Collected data
(* Roles: (s, t) is the endowment of the misreporting agent, a its true
   exponent for good 0 and b the other agent's; p and q are the prices with and
   without the misreport; x is the misreporting agent's bundle, the other agent
   receiving 1 - x. *)
Lemma scaled_bundle_cost_le_pos (a b s t p0 p1 q0 q1 x0 x1 : R) :
  0 <= a <= 1 -> 0 <= b <= 1 -> 0 < s < 1 -> 0 < t < 1 ->
  0 < p0 -> 0 < p1 -> 0 <= q0 -> 0 < q1 ->
  p0 * (1 - x0) = b * (p0 * (1 - s) + p1 * (1 - t)) ->
  p1 * (1 - x1) = (1 - b) * (p0 * (1 - s) + p1 * (1 - t)) ->
  q1 = (1 - a) * (q0 * s + q1 * t) + (1 - b) * (q0 * (1 - s) + q1 * (1 - t)) ->
  q0 * p1 <= p0 * q1 ->
  q0 * (a * x0) + q1 * x1 <= q0 * s + q1 * t.
Proof.
move=> /andP[a0 a1] /andP[b0 b1] /andP[s0 s1] /andP[t0 t1] p0p p1p q0g q1p Ex0 Ex1 Eq1 D.
(* Every summand on the right is nonnegative once q0 p1 <= p0 q1. *)
have cert : q1 * p0 * p1 * (q0 * s + q1 * t - (q0 * (a * x0) + q1 * x1)) =
    a * (1 - a) * (q0 * s + q1 * t) * q0 * p1 ^+ 2 + a * t * q1 * p1 * (p0 * q1 - q0 * p1)
    + (1 - b) * (1 - s) * (p0 * q1 - q0 * p1) * (p0 * q1 - a * q0 * p1).
  transitivity (q1 * p0 * p1 * (q0 * s + q1 * t) - a * q0 * q1 * p1 * (p0 * x0)
                - q1 ^+ 2 * p0 * (p1 * x1)); first by ring.
  have -> : p0 * x0 = p0 - b * (p0 * (1 - s) + p1 * (1 - t)) by lra.
  have -> : p1 * x1 = p1 - (1 - b) * (p0 * (1 - s) + p1 * (1 - t)) by lra.
  apply/eqP; rewrite -subr_eq0; apply/eqP.
  transitivity ((p0 * p1 * q1 - a * q0 * p1 ^+ 2) *
    ((1 - a) * (q0 * s + q1 * t) + (1 - b) * (q0 * (1 - s) + q1 * (1 - t)) - q1)).
    by ring.
  by rewrite -Eq1 subrr mulr0.
have aq : a * (q0 * p1) <= q0 * p1 by rewrite ler_piMl ?mulr_ge0 // ltW.
have W0 : 0 <= q0 * s + q1 * t by rewrite addr_ge0 ?mulr_ge0 // ltW.
have : 0 <= q1 * p0 * p1 * (q0 * s + q1 * t - (q0 * (a * x0) + q1 * x1)).
  rewrite cert; apply: addr_ge0; [apply: addr_ge0|]; rewrite !mulr_ge0 ?subr_ge0 //; lra.
by rewrite pmulr_rge0 ?mulr_gt0 // subr_ge0.
Qed.

Lemma scaled_bundle_cost_le (a b s t p0 p1 q0 q1 x0 x1 : R) :
  0 <= a <= 1 -> 0 <= b <= 1 -> 0 < s < 1 -> 0 < t < 1 ->
  0 <= p0 -> 0 <= p1 -> 0 <= q0 -> 0 <= q1 ->
  0 < p0 * (1 - s) + p1 * (1 - t) -> 0 < q0 * s + q1 * t -> x1 <= 1 ->
  p0 * (1 - x0) = b * (p0 * (1 - s) + p1 * (1 - t)) ->
  p1 * (1 - x1) = (1 - b) * (p0 * (1 - s) + p1 * (1 - t)) ->
  q0 = a * (q0 * s + q1 * t) + b * (q0 * (1 - s) + q1 * (1 - t)) ->
  q1 = (1 - a) * (q0 * s + q1 * t) + (1 - b) * (q0 * (1 - s) + q1 * (1 - t)) ->
  q0 * p1 <= p0 * q1 ->
  q0 * (a * x0) + q1 * x1 <= q0 * s + q1 * t.
Proof.
move=> a01 b01 s01 t01 p0g p1g q0g q1g V0 W0 x1le Ex0 Ex1 Eq0 Eq1 D.
have [/andP[a0 a1] /andP[b0 b1]] := (a01, b01).
have [/andP[s0 s1] /andP[t0 t1]] := (s01, t01).
have [q1z|q1n] := eqVneq q1 0.
  subst q1; have q0s : 0 < q0 * s by lra.
  have q0s' : 0 < q0 * (1 - s) by rewrite mulr_gt0 // ?subr_gt0; nra.
  have [a1' b1'] : a = 1 /\ b = 1 by split; nra.
  subst a b.
  have [p0z|p0n] := eqVneq p0 0; first by subst p0; nra.
  have p0p : 0 < p0 by rewrite lt_neqAle eq_sym p0n.
  nra.
have q1p : 0 < q1 by rewrite lt_neqAle eq_sym q1n.
have [p0z|p0n] := eqVneq p0 0.
  subst p0; have p1p : 0 < p1 by nra.
  have q0z : q0 = 0 by nra.
  subst q0; have q1t : 0 < q1 * t by rewrite mulr_gt0.
  have q1t' : 0 < q1 * (1 - t) by rewrite mulr_gt0 // subr_gt0.
  have [a0' b0'] : a = 0 /\ b = 0 by split; nra.
  subst a b.
  nra.
have p0p : 0 < p0 by rewrite lt_neqAle eq_sym p0n.
have [p1z|p1n] := eqVneq p1 0.
  subst p1; have b1' : b = 1 by nra.
  subst b; have -> : x0 = s by nra.
  have : q1 * x1 <= q1 by nra.
  have : 0 <= a * (q1 * t) by rewrite !mulr_ge0 // ltW.
  nra.
have p1p : 0 < p1 by rewrite lt_neqAle eq_sym p1n.
exact: scaled_bundle_cost_le_pos a01 b01 s01 t01 p0p p1p q0g q1p Ex0 Ex1 Eq1 D.
Qed.

Lemma misreport_scaled_affordable (a b e1 e2 p q x xo X Xo : 'I_2 -> R) (j : 'I_2) :
  is_CD a -> is_CD b -> (forall l, 0 < e1 l) -> (forall l, 0 < e2 l) ->
  (forall l, e1 l + e2 l = 1) ->
  (forall l, 0 <= p l) -> (forall l, x l + xo l = 1) -> demand b p e2 xo ->
  (forall l, 0 <= q l) -> (forall l, X l + Xo l = 1) -> demand a q e1 X -> demand b q e2 Xo ->
  q j * p (lift j ord0) <= p j * q (lift j ord0) ->
  cost q [eta x with j |-> a j * x j] <= cost q e1.
Proof.
move=> CDa CDb e1p e2p e12 p0 xxo dxo q0 XXo dX dXo D.
set o := lift j ord0 in D *.
have sum2 (F : 'I_2 -> R) : \sum_k F k = F j + F o by exact: sum_ord2_lift.
have e2E l : e2 l = 1 - e1 l by have := e12 l; lra.
have e1_01 l : 0 < e1 l < 1 by have := e2p l; rewrite e2E (e1p l); lra.
have CD2 (g : 'I_2 -> R) : is_CD g -> 0 <= g j <= 1 /\ g o = 1 - g j.
  by case=> g01; rewrite sum2 => g1; split; [apply: g01 | lra].
have [aj ao] := CD2 _ CDa; have [bj bo] := CD2 _ CDb.
have V0 := demand_cost_gt0 CDb p0 e2p dxo.
have W0 := demand_cost_gt0 CDa q0 e1p dX.
have q_eq l : q l = a l * cost q e1 + b l * cost q e2.
  by rewrite -(demand_shares CDa q0 e1p dX) -(demand_shares CDb q0 e2p dXo) -mulrDr XXo mulr1.
have p_eq l : p l * (1 - x l) = b l * cost p e2.
  by rewrite -(demand_shares CDb p0 e2p dxo); congr (_ * _); have := xxo l; lra.
have x1 : x o <= 1 by have [[xo0 _] _] := dxo; have := xo0 o; have := xxo o; lra.
have oj : (o == j) = false by rewrite eq_sym (negbTE (neq_lift _ _)).
move: V0 W0 (p_eq j) (p_eq o) (q_eq j) (q_eq o).
rewrite /cost !sum2 !e2E ao bo /= eqxx oj.
move=> V0 W0 Ex0 Ex1 Eq0 Eq1.
exact: (scaled_bundle_cost_le aj bj (e1_01 j) (e1_01 o) (p0 j) (p0 o) (q0 j) (q0 o)
  V0 W0 x1 Ex0 Ex1 Eq0 Eq1 D).
Qed.

Lemma misreport_util_le (a b e1 e2 p q x xo X Xo : 'I_2 -> R) :
  is_CD a -> is_CD b -> (forall l, 0 < e1 l) -> (forall l, 0 < e2 l) ->
  (forall l, e1 l + e2 l = 1) ->
  (forall l, 0 <= p l) -> (forall l, 0 <= x l) -> (forall l, x l + xo l = 1) ->
  demand b p e2 xo ->
  (forall l, 0 <= q l) -> (forall l, X l + Xo l = 1) -> demand a q e1 X -> demand b q e2 Xo ->
  cd_util a x <= expR (expR 1)^-1 * cd_util a X.
Proof.
move=> CDa CDb e1p e2p e12 p0 x0 xxo dxo q0 XXo dX dXo.
have [j D] : exists j, q j * p (lift j ord0) <= p j * q (lift j ord0).
  have [D|D] := lerP (q ord0 * p ord_max) (p ord0 * q ord_max).
    by exists ord0; rewrite (_ : lift _ _ = ord_max) //; apply: val_inj.
  by exists ord_max; rewrite (_ : lift _ _ = ord0); [lra | apply: val_inj].
apply: (cd_util_le_of_scaled CDa x0 dX).
exact: misreport_scaled_affordable CDa CDb e1p e2p e12 p0 xxo dxo q0 XXo dX dXo D.
Qed.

*Instructions to follow:*
Look through the data above for the string "andP" and copy every line where it appears.

*Output:*
move=> /andP[a0 a1] /andP[b0 b1] /andP[s0 s1] /andP[t0 t1] p0p p1p q0g q1p Ex0 Ex1 Eq1 D.
have [/andP[a0 a1] /andP[b0 b1]] := (a01, b01).
have [/andP[s0 s1] /andP[t0 t1]] := (s01, t01).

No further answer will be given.